TABLE OF CONTENTS:
Title I:
Subtitle A: Short title; Table of Contents
Subtitle B: Federally Qualified Health Insurance Plan
Subtitle C: Certification of Federally Qualified Health
Insurance Plans
Title II: Paperwork Reduction and Administrative
Simplification
Title III: Health Care Liability Reform
Subtitle A: General Provisions
Subtitle B: Medical Malpractice and Product Liability
Reform
Subtitle C: Requirements for State Alternative Dispute
Resolution Systems (ADR)
Title IV: Antitrust Provisions
Title V: Anti-Fraud and Abuse Control Program
Subtitle A: All-Payer Fraud and Abuse Control Program
Subtitle B: Revisions to Current Sanctions for Fraud and
Abuse
Subtitle C: Administrative and Miscellaneous Provisions
Subtitle D: Amendments to Criminal Law
Title VI: Expanding Access in Rural Areas
Title VII: Tax Provisions
Title VIII: Revenue Provisions
Advancement of Health Care Reform Act of 1994 - Amends COBRA provisions of the Internal Revenue Code with respect to continuation coverage requirements to permit the options of: (1) identical coverage; (2) coverage with an annual $1,000 deductible; and (3) coverage with an annual $3,000 deductible. Permits penalty-free withdrawals from qualified retirement plans for such coverage.

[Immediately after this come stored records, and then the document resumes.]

Theorem lemma4p2p1 (r : nat) (hr : (2 <= r)%N) :
  let n := (3 * (r - 1))%N in
  exists (d : nat) (rho : op n d) (E : 'I_n -> bool -> bool -> 'M[algC]_d)
         (a : 'I_n -> 'I_r -> bool) (c : 'I_n -> 'I_n -> bool) (b : 'I_n -> bool),
    (0 < d)%N /\ density rho /\ (forall j, two_povms (E j)) /\
    forall x : {ffun 'I_r -> bool},
      postprob rho E (linpost a c b) x (fun _ => true) != 0 /\
      postcorr rho E (linpost a c b) x = delta1 (andall x).
Proof.
move=> n; have r_lt_n : (r < n)%N by rewrite /n; lia.
exists r.+1, (shared_randomness n r.+1), (fun j => det_povm (@and_resp r n j)).
exists (@and_coef r n), (fun _ _ => true), (fun _ => false).
split=> //; split; first exact: density_shared_randomness.
split=> [j | x]; first exact: two_povms_det_povm.
apply: postcorr_shared_randomness.
  exact: and_consistent_exists r_lt_n x.
move=> l m; exact: (and_consistent_parity r_lt_n (x := x)).
Qed.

Subtitle B: Federally Qualified Health Insurance Plan - Establishes standards for the certification of a health insurance plan as a federally qualified health insurance plan. Requires a federally qualified plan to, among other requirements: (1) cover medically necessary acute care, including, physician services, inpatient, outpatient, and emergency hospital services and appropriate alternatives to hospitalization, and inpatient and outpatient prescription drugs; (2) have specified limits on deductibles and coinsurance payments; (3) vary premium rates only in the basis of age, sex, and geography, except that discounts may be offered to individuals who participate in specified programs which promote healthy behavior, prevent the onset of illness, or provide for the early detection of illness; (4) provide guaranteed issue at standard rates to all applicants and not exclude from coverage, on the basis of a preexisting medical condition, an individual who has been continuously insured for the preceeding year or, in the care of a break in coverage, not exclude an indivdual from coverage for more than one year; and (5) not exclude a policyholder from coverage, except for nonpayment of premiums or fraud or misrepresentation by the policyholder.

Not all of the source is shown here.